Condition of Tangency :

The line L = 0 touches the circle S = 0 if P the length of the perpendicular from the center to that line and radius of the circle r are equal i.e.

P = r

Equation of Tangent to a Circle Formula

(i)  The Tangent at a point (\(x_1,y_1\)) on the circle \(x^2\) + \(y^2\) = \(a^2\) is

\(xx_1 + yy_1\) = \(a^2\)

(ii) The Tangent at the point (acost, asint) on the circle \(x^2\) + \(y^2\) = \(a^2\) is

xcost + ysint = a

The point of intersection of the tangents at the points \(P(\alpha)\) and \(Q(\beta)\) is (\(acos{{\alpha + \beta}\over 2}\over cos{{\alpha – \beta}\over 2}\), \(asin{{\alpha + \beta}\over 2}\over cos{{\alpha – \beta}\over 2}\)).

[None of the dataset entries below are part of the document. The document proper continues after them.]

(* For every $n\in\mathbb{N}$, $\mathcal{D}_{p/q}(\mu_n)=\mu_{n+1}$.
   Context: Let $p>q>1$ be coprime integers, $A_p=\{0,\dots,p-1\}$, $A_q=\{0,\dots,q-1\}$ and $B=\{p-(2q-1),\dots,p-1\}$. For $n\in\mathbb{N}$ and $a\in\mathbb{Z}$, let $\tau(n,a)=\frac{np+a}{q}$, defined only when $q$ divides $np+a$. Let $\mathcal{T}_{p/q}$ be the deterministic automaton with state set $\mathbb{N}$, alphabet $A_p$, initial state $0$, and transitions $n\xrightarrow{a}\tau(n,a)$ for $a\in A_p$ with $\tau(n,a)$ defined. Every state $n$ has exactly one outgoing transition labelled by a letter of $A_q$; the minimal word $\mu_n\in A_q^{\omega}$ is the unique infinite word over $A_q$ labelling a path of $\mathcal{T}_{p/q}$ starting at state $n$. For $a\in B$ let $\omega(a)=\{(b,c)\in A_q\times A_q : c-b=a-(p-q)\}$. The transducer $\mathcal{D}_{p/q}$ has state set $\mathbb{N}$, input and output alphabet $A_q$, initial state $0$, and a transition $n\xrightarrow{b|c}\tau(n,a)$ (input $b$, output $c$) for every $n\in\mathbb{N}$, $a\in B$ with $\tau(n,a)$ defined, and $(b,c)\in\omega(a)$; no other transitions. The image $\mathcal{D}_{p/q}(w)$ of an infinite word $w$ is the infinite word $w'$ such that for every finite prefix $u$ of $w$, the output produced along the path from state $0$ reading input $u$ is a prefix of $w'$. *)

From Stdlib Require Import ZArith.
Open Scope Z_scope.

(* Infinite words (letters are integers; membership in the alphabet is stated separately). *)
Definition word := nat -> Z.

Definition inA (k a : Z) : Prop := 0 <= a < k.

Definition inB (p q a : Z) : Prop := p - (2 * q - 1) <= a <= p - 1.

(* n --a--> m, i.e. tau(n,a) is defined (q divides np+a and the result is a
   state in N) and equals m : q*m = n*p + a. *)
Definition tau_rel (p q : Z) (n : nat) (a : Z) (m : nat) : Prop :=
  q * Z.of_nat m = Z.of_nat n * p + a.

Definition inOmega (p q a b c : Z) : Prop :=
  inA q b /\ inA q c /\ c - b = a - (p - q).

(* w ∈ A_q^omega labels an (infinite) path of T_{p/q} starting at state n;
   by the context there is exactly one such word, namely mu_n. *)
Definition is_min_word (p q : Z) (n : nat) (w : word) : Prop :=
  exists s : nat -> nat, s 0%nat = n /\
    forall i : nat, inA q (w i) /\ tau_rel p q (s i) (w i) (s (S i)).

Definition D_run (p q : Z) (k : nat) (w : word) (c : word) (s : nat -> nat) : Prop :=
  s 0%nat = 0%nat /\
  forall i : nat, (i < k)%nat ->
    exists a : Z, inB p q a /\ tau_rel p q (s i) a (s (S i)) /\ inOmega p q a (w i) (c i).

(* D_{p/q}(w) = w' : every finite prefix of w can be read from state 0, and the
   output produced along any such path is a prefix of w'. *)
Definition D_image (p q : Z) (w w' : word) : Prop :=
  (forall k : nat, exists (c : word) (s : nat -> nat), D_run p q k w c s) /\
  (forall (k : nat) (c : word) (s : nat -> nat), D_run p q k w c s ->
     forall i : nat, (i < k)%nat -> c i = w' i).

(* If [s] and [t] are the paths of T_{p/q} labelled by mu_n and mu_{n+1}, then
   t_i > s_i for all i, and subtracting the two transition equations
   q s_{i+1} = p s_i + u_i and q t_{i+1} = p t_i + v_i shows that
   t_i - s_i - 1 moves to t_{i+1} - s_{i+1} - 1 under the letter
   v_i - u_i + p - q of B, i.e. D_{p/q} reads u_i and writes v_i.  Conversely,
   from state t_i - s_i - 1 any output c on input u_i satisfies
   c = v_i mod q, hence c = v_i since both lie in A_q. *)
From Stdlib Require Import ZArith Lia.
Open Scope Z_scope.

Lemma eq_of_mul_eq_sub (q k x y : Z) :
  inA q x -> inA q y -> q * k = x - y -> x = y.
Proof.
  unfold inA; intros Hx Hy Hk.
  destruct (Z.lt_trichotomy k 0) as [Hneg | [Hzero | Hpos]]; nia.
Qed.

Section Transitions.

Variables p q : Z.

Lemma tau_rel_lt (s t s' t' : nat) (a b : Z) : q < p ->
  inA q a -> inA q b -> (s < t)%nat ->
  tau_rel p q s a s' -> tau_rel p q t b t' -> (s' < t')%nat.
Proof.
  unfold inA, tau_rel; intros Hpq Ha Hb Hst Hs Ht.
  apply Nat2Z.inj_lt; apply Nat2Z.inj_lt in Hst.
  assert (Hpos : 0 < q * (Z.of_nat t' - Z.of_nat s')) by nia.
  nia.
Qed.

Lemma tau_rel_sub (s t s' t' r r' : nat) (a b : Z) :
  tau_rel p q s a s' -> tau_rel p q t b t' ->
  Z.of_nat r = Z.of_nat t - Z.of_nat s - 1 ->
  Z.of_nat r' = Z.of_nat t' - Z.of_nat s' - 1 ->
  tau_rel p q r (b - a + p - q) r'.
Proof. unfold tau_rel; intros Hs Ht Hr Hr'; rewrite Hr, Hr'; nia. Qed.

Lemma inB_sub (a b : Z) : inA q a -> inA q b -> inB p q (b - a + p - q).
Proof. unfold inA, inB; lia. Qed.

Lemma inOmega_sub (a b : Z) : inA q a -> inA q b -> inOmega p q (b - a + p - q) a b.
Proof. unfold inOmega, inA; lia. Qed.

Lemma tau_rel_sub_unique (s t s' t' r r' : nat) (a b c d : Z) :
  tau_rel p q s a s' -> tau_rel p q t b t' -> inA q b ->
  Z.of_nat r = Z.of_nat t - Z.of_nat s - 1 ->
  tau_rel p q r d r' -> inOmega p q d a c ->
  c = b /\ Z.of_nat r' = Z.of_nat t' - Z.of_nat s' - 1.
Proof.
  unfold tau_rel, inOmega, inA in *; intros Hs Ht Hb Hr Hd [Ha [Hc Hcd]].
  rewrite Hr in Hd.
  assert (Hcb : c = b).
  { apply (eq_of_mul_eq_sub q
      (Z.of_nat r' - (Z.of_nat t' - Z.of_nat s' - 1))); auto; nia. }
  split; [exact Hcb | subst c; nia].
Qed.

Section TwoPaths.

Variables (s t : nat -> nat) (u v : word).
Hypothesis Hs : forall i, inA q (u i) /\ tau_rel p q (s i) (u i) (s (S i)).
Hypothesis Ht : forall i, inA q (v i) /\ tau_rel p q (t i) (v i) (t (S i)).
Hypothesis Hst0 : t 0%nat = S (s 0%nat).

Section Expanding.

Hypothesis Hpq : q < p.

Lemma paths_lt (i : nat) : (s i < t i)%nat.
Proof.
  induction i as [|i IH]; [rewrite Hst0; lia|].
  destruct (Hs i) as [Hu Hsi], (Ht i) as [Hv Hti].
  exact (tau_rel_lt _ _ _ _ _ _ Hpq Hu Hv IH Hsi Hti).
Qed.

Lemma D_run_paths_sub (k : nat) :
  D_run p q k u v (fun i => (t i - s i - 1)%nat).
Proof.
  split; [rewrite Hst0; lia|].
  intros i _.
  destruct (Hs i) as [Hu Hsi], (Ht i) as [Hv Hti].
  pose proof (paths_lt i); pose proof (paths_lt (S i)).
  exists (v i - u i + p - q); split; [|split].
  - exact (inB_sub _ _ Hu Hv).
  - apply (tau_rel_sub _ _ _ _ _ _ _ _ Hsi Hti); rewrite !Nat2Z.inj_sub; lia.
  - exact (inOmega_sub _ _ Hu Hv).
Qed.

End Expanding.

Lemma D_run_state (k : nat) (c : word) (r : nat -> nat) :
  D_run p q k u c r -> forall i, (i <= k)%nat ->
  Z.of_nat (r i) = Z.of_nat (t i) - Z.of_nat (s i) - 1.
Proof.
  intros [Hr0 Hr] i.
  induction i as [|i IH]; intros Hik; [rewrite Hr0, Hst0; lia|].
  destruct (Hr i ltac:(lia)) as [d [_ [Hd Hom]]].
  destruct (Hs i) as [_ Hsi], (Ht i) as [Hv Hti].
  exact (proj2 (tau_rel_sub_unique _ _ _ _ _ _ _ _ _ _
                  Hsi Hti Hv (IH ltac:(lia)) Hd Hom)).
Qed.

Lemma D_run_output (k : nat) (c : word) (r : nat -> nat) :
  D_run p q k u c r -> forall i, (i < k)%nat -> c i = v i.
Proof.
  intros Hrun i Hik.
  destruct (proj2 Hrun i Hik) as [d [_ [Hd Hom]]].
  destruct (Hs i) as [_ Hsi], (Ht i) as [Hv Hti].
  exact (proj1 (tau_rel_sub_unique _ _ _ _ _ _ _ _ _ _
                  Hsi Hti Hv (D_run_state k c r Hrun i ltac:(lia)) Hd Hom)).
Qed.

End TwoPaths.

End Transitions.

Theorem mainTheorem3 (p q : Z) (Hq : 1 < q) (Hpq : q < p) (Hcop : Z.gcd p q = 1)
  (n : nat) (mu_n mu_n1 : word) :
  is_min_word p q n mu_n -> is_min_word p q (S n) mu_n1 ->
  D_image p q mu_n mu_n1.
Proof.
  intros [s [Hs0 Hs]] [t [Ht0 Ht]].
  assert (Hst0 : t 0%nat = S (s 0%nat)) by (rewrite Hs0, Ht0; reflexivity).
  split.
  - intro k; exists mu_n1, (fun i => (t i - s i - 1)%nat).
    exact (D_run_paths_sub p q s t mu_n mu_n1 Hs Ht Hst0 Hpq k).
  - exact (D_run_output p q s t mu_n mu_n1 Hs Ht Hst0).
Qed.
(* Let $\mathbf{s}=(s_1,\dots,s_k)$ be a switch pattern, $l\in\{1,\dots,k\}$, and $\alpha,\beta\ge0$ with $\alpha+\beta\le n$. Then $$g^{(l)}_{\alpha,\beta,\mathbf{s}}=f_{\alpha,\beta,\mathbf{s}_l}\,p_{\alpha,\beta}(\mathbf{s},l),\qquad p_{\alpha,\beta}(\mathbf{s},l)=\frac{(n-s_l)_\alpha(s_l)_\beta}{(n)_{\alpha+\beta}},$$ where $f_{\alpha,\beta,\mathbf{s}_l}=\frac{1}{2^b}\sum_{j=0}^b\binom bj a_{\alpha,\beta}(j)\lambda_{n,j,\mathbf{s}_l}$ with $b=\alpha+\beta$, $a_{\alpha,0}\equiv1$ and $a_{\alpha,\beta}(j)=\frac{b-j}{b}a_{\alpha,\beta-1}(j)-\frac jba_{\alpha,\beta-1}(j-1)$ for $\beta\ge1$. For $0\le\alpha+\beta\le4$ these sequences are: $a_{0,0}(j)=1$; $a_{0,1}(j)=(-1)^j$, $a_{1,0}(j)=1$; $a_{0,2}(j)=(-1)^j$, $a_{1,1}(j)=1-j$, $a_{2,0}(j)=1$; $a_{0,3}(j)=(-1)^j$, $a_{1,2}(j)=(-1)^j(1-2j/3)$, $a_{2,1}(j)=1-2j/3$, $a_{3,0}(j)=1$; $a_{0,4}(j)=(-1)^j$, $a_{1,3}(j)=(-1)^j(1-j/2)$, $a_{2,2}(j)=1-j(4-j)/3$, $a_{3,1}(j)=1-j/2$, $a_{4,0}(j)=1$.
   Context: Lightbulb process on $n$ bulbs with $k$ stages and switch pattern $\mathbf{s}$: all bulbs initially off unless stated; at stage $r$ a uniformly random subset of exactly $s_r$ bulbs is toggled, independently across stages; $X_{rj}=1$ iff bulb $j$ is toggled at stage $r$ ($X_{0j}$ denotes the deterministic initial status), and $X_j=(\sum_{r=0}^kX_{rj})\bmod 2$ indicates bulb $j$ is on at the end. Define, for all bulbs initially off, $g^{(l)}_{\alpha,\beta,\mathbf{s}}=P(X_1=\dots=X_{\alpha+\beta}=0,\ X_{l1}=\dots=X_{l\alpha}=0,\ X_{l,\alpha+1}=\dots=X_{l,\alpha+\beta}=1)$. For a pattern $\mathbf{t}$, $f_{\alpha,\beta,\mathbf{t}}=P(X_i=0,\ i=1,\dots,\alpha+\beta\mid X_{0i}=0,\ i\le\alpha;\ X_{0i}=1,\ \alpha<i\le\alpha+\beta)$ for the process with pattern $\mathbf{t}$. $\mathbf{s}_l=(s_1,\dots,s_{l-1},s_{l+1},\dots,s_k)$. $(n)_t=n(n-1)\cdots(n-t+1)$, $\lambda_{n,j,s}=\sum_{t=0}^j\binom jt(-2)^t\frac{(s)_t}{(n)_t}$, $\lambda_{n,j,\mathbf{t}}=\prod_r\lambda_{n,j,t_r}$. *)

From HB Require Import structures.
From mathcomp Require Import all_boot all_order all_algebra.
Set Implicit Arguments. Unset Strict Implicit. Unset Printing Implicit Defensive.
Import Order.TTheory GRing.Theory Num.Theory.
Local Open Scope ring_scope.

Section Lightbulb.
Variable R : realFieldType.
Variable n : nat.
Variable I : finType.

(* An outcome: for each stage r, the set of bulbs toggled at stage r. *)
Definition outcome := {ffun I -> {set 'I_n}}.

(* Outcomes compatible with switch pattern s (exactly s r bulbs at stage r);
   each is equally likely (independent uniform subsets). *)
Definition valid (s : I -> nat) : {set outcome} :=
  [set w : outcome | [forall r, #|w r| == s r]].

Definition prob (s : I -> nat) (E : pred outcome) : R :=
  (#|[set w in valid s | E w]|)%:R / (#|valid s|)%:R.

Definition final (x0 : 'I_n -> bool) (w : outcome) (j : 'I_n) : bool :=
  x0 j (+) odd #|[set r : I | j \in w r]|.
End Lightbulb.

(* g^{(l)}_{alpha,beta,s}: all bulbs initially off; bulbs 1..alpha+beta
   (indices 0..alpha+beta-1) end off, bulbs 1..alpha not toggled at stage l,
   bulbs alpha+1..alpha+beta toggled at stage l. *)
Definition g_prob (R : realFieldType) (n k : nat) (s : 'I_k -> nat) (l : 'I_k)
  (alpha beta : nat) : R :=
  prob R s (fun w : outcome n 'I_k =>
    [forall j : 'I_n, (j < alpha + beta)%N ==>
        ~~ final (fun _ => false) w j && ((j \in w l) == (alpha <= j)%N)]).

(* f_{alpha,beta,t}: bulbs 1..alpha initially off, alpha+1..alpha+beta
   initially on (others off); probability that bulbs 1..alpha+beta all end off. *)
Definition f_prob (R : realFieldType) (n : nat) (I : finType) (t : I -> nat)
  (alpha beta : nat) : R :=
  prob R t (fun w : outcome n I =>
    [forall j : 'I_n, (j < alpha + beta)%N ==>
        ~~ final (fun j : 'I_n => (alpha <= j)%N && (j < alpha + beta)%N) w j]).

Definition drop_stage (k : nat) (s : 'I_k -> nat) (l : 'I_k) : 'I_k.-1 -> nat :=
  fun i => s (lift l i).

Definition lam (R : realFieldType) (n j s : nat) : R :=
  \sum_(t < j.+1) ('C(j, t))%:R * (-2) ^+ t * ((s ^_ t)%:R / (n ^_ t)%:R).

Definition lamP (R : realFieldType) (n j : nat) (I : finType) (t : I -> nat) : R :=
  \prod_(r : I) lam R n j (t r).

Fixpoint acoef (R : realFieldType) (alpha beta j : nat) : R :=
  match beta with
  | 0 => 1
  | beta'.+1 =>
      let b := (alpha + beta'.+1)%N in
      ((b%:R - j%:R) / b%:R) * acoef R alpha beta' j
      - (j%:R / b%:R) * acoef R alpha beta' j.-1
  end.

Definition p_coef (R : realFieldType) (n k : nat) (s : 'I_k -> nat) (l : 'I_k)
  (alpha beta : nat) : R :=
  ((n - s l) ^_ alpha)%:R * ((s l) ^_ beta)%:R / (n ^_ (alpha + beta))%:R.

Definition f_formula (R : realFieldType) (n : nat) (I : finType) (t : I -> nat)
  (alpha beta : nat) : R :=
  let b := (alpha + beta)%N in
  (2 ^+ b)^-1 * \sum_(j < b.+1) ('C(b, j))%:R * acoef R alpha beta j * lamP R n j t.

From HB Require Import structures.
From mathcomp Require Import all_boot all_order all_algebra.
From mathcomp Require Import ring.
Set Implicit Arguments. Unset Strict Implicit. Unset Printing Implicit Defensive.
Import Order.TTheory GRing.Theory Num.Theory.
Local Open Scope ring_scope.

(* The indicator that the bulbs of P all end off is 2^-|P| times the sum over S \subset P of
   prod_(i in S) (-1)^(X_i), and (-1)^(X_i) is (-1)^(X_0i) times a product over the
   stages.  The stages are independent, so the expectation of such a product factors,
   and for a uniform s-subset A of the n bulbs, expanding prod_(i in S) (1 - 2[i in A])
   over the subsets of S gives E[(-1)^|S :&: A|] = lambda_{n,|S|,s}.  Grouping the S by
   cardinality, the signed count of the S with |S| = j is the j-th coefficient of
   (1 + X)^alpha (1 - X)^beta, i.e. C(alpha+beta, j) a_{alpha,beta}(j).
   For g, the set toggled at stage l splits off: it must meet the first alpha+beta
   bulbs exactly in the last beta of them, which makes those bulbs "initially on" for
   the remaining stages; counting such sets gives the factor p_{alpha,beta}(s,l). *)

Lemma ffactD n a b : (n ^_ (a + b) = n ^_ a * (n - a) ^_ b)%N.
Proof.
elim: b => [|b IHb]; first by rewrite addn0 muln1.
by rewrite addnS !ffactnSr IHb subnDA mulnA.
Qed.

Lemma bin_ffact_sub n p q s : (q <= s)%N -> (q <= p)%N ->
  ('C(n - p, s - q) * n ^_ p = 'C(n, s) * s ^_ q * (n - s) ^_ (p - q))%N.
Proof.
move=> le_qs le_qp; apply/eqP; rewrite -(eqn_pmul2r (fact_gt0 (s - q))).
rewrite mulnAC bin_ffact mulnC -ffactD mulnAC -(mulnA 'C(n, s)) ffact_fact //.
by rewrite bin_ffact -ffactD addnBA // addnC addnBA.
Qed.

Section FinsetSums.
Variable T : finType.

Lemma prod1D_subset (R : comNzRingType) (P : {set T}) (x : T -> R) :
  \prod_(i in P) (1 + x i) = \sum_(S : {set T} | S \subset P) \prod_(i in S) x i.
Proof.
pose y i := if i \in P then x i else 0.
rewrite big_mkcond (eq_bigr (fun i => y i + 1)) => [|i _]; last first.
  by rewrite /y; case: (i \in P); rewrite ?add0r // addrC.
rewrite bigA_distr [RHS]big_mkcond; apply: eq_bigr => S _.
rewrite -big_mkcond /=; case: (boolP (S \subset P)) => [/subsetP SP|].
  by apply: eq_bigr => i /SP; rewrite /y => ->.
by case/subsetPn=> i iS iP; rewrite (bigD1 i) //= /y (negbTE iP) mul0r.
Qed.

Lemma sum_subset_by_card (R : comNzRingType) (P : {set T}) (c : {set T} -> R) (L : nat -> R) :
  \sum_(S : {set T} | S \subset P) c S * L #|S|
  = \sum_(j < #|P|.+1) (\sum_(S : {set T} | (S \subset P) && (#|S| == j)) c S) * L j.
Proof.
rewrite (partition_big (fun S : {set T} => inord #|S| : 'I_#|P|.+1) xpredT) //=.
apply: eq_bigr => j _; rewrite mulr_suml.
apply: eq_big => [S|S /andP[SP /eqP <-]]; last by rewrite inordK // ltnS subset_leq_card.
case SP: (S \subset P) => //=.
by rewrite -val_eqE /= inordK // ltnS subset_leq_card.
Qed.

Lemma sum_subset_card (R : comNzRingType) (P : {set T}) (L : nat -> R) :
  \sum_(S : {set T} | S \subset P) L #|S| = \sum_(j < #|P|.+1) 'C(#|P|, j)%:R * L j.
Proof.
under eq_bigr do rewrite -[L _]mul1r.
rewrite sum_subset_by_card; apply: eq_bigr => j _.
by rewrite sumr_const -cards_draws -mulr_natl mulr1 cardsE.
Qed.

Lemma coef_prod_1DCX (R : comNzRingType) (P : {set T}) (e : T -> R) j :
  (\prod_(i in P) (1 + (e i)%:P * 'X))`_j
  = \sum_(S : {set T} | (S \subset P) && (#|S| == j)) \prod_(i in S) e i.
Proof.
rewrite prod1D_subset coef_sum big_mkcondr /=; apply: eq_bigr => S _.
rewrite big_split /= prodr_const -rmorph_prod coefCM coefXn eq_sym.
by case: (_ == _); rewrite ?mulr1 ?mulr0.
Qed.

(iii) The equation of tangent at the points (\(x_1,y_1\)) on the circle \(x^2 + y^2 + 2gx + 2fy + c\) = 0 is

\(xx_1\) + \(yy_1\) + \(g(x + x_1)\) + \(f(y + y_1)\) + c = 0

(iv)  If line y = mx + c is a straight line touching the circle \(x^2\) + \(y^2\) = \(a^2\), then

c = \(\pm a\sqrt{1 + m^2}\)

and contact points are

(\(\mp am\over \sqrt{1 + m^2}\), \(\pm a\over sqrt{1 + m^2}\))

and the equation of tangent is

y = mx \(\pm a\sqrt{1 + m^2}\)

(iv) The equation of tangent with slope m of the circle \((x-h)^2 + (y-k)^2\) = \(a^2\) is

(y – k) = m(x – h) \(\pm a\sqrt{1 + m^2}\)

Example : Find the tangent to the circle \(x^2 + y^2 – 2ax\) = 0 at the point (5, 6).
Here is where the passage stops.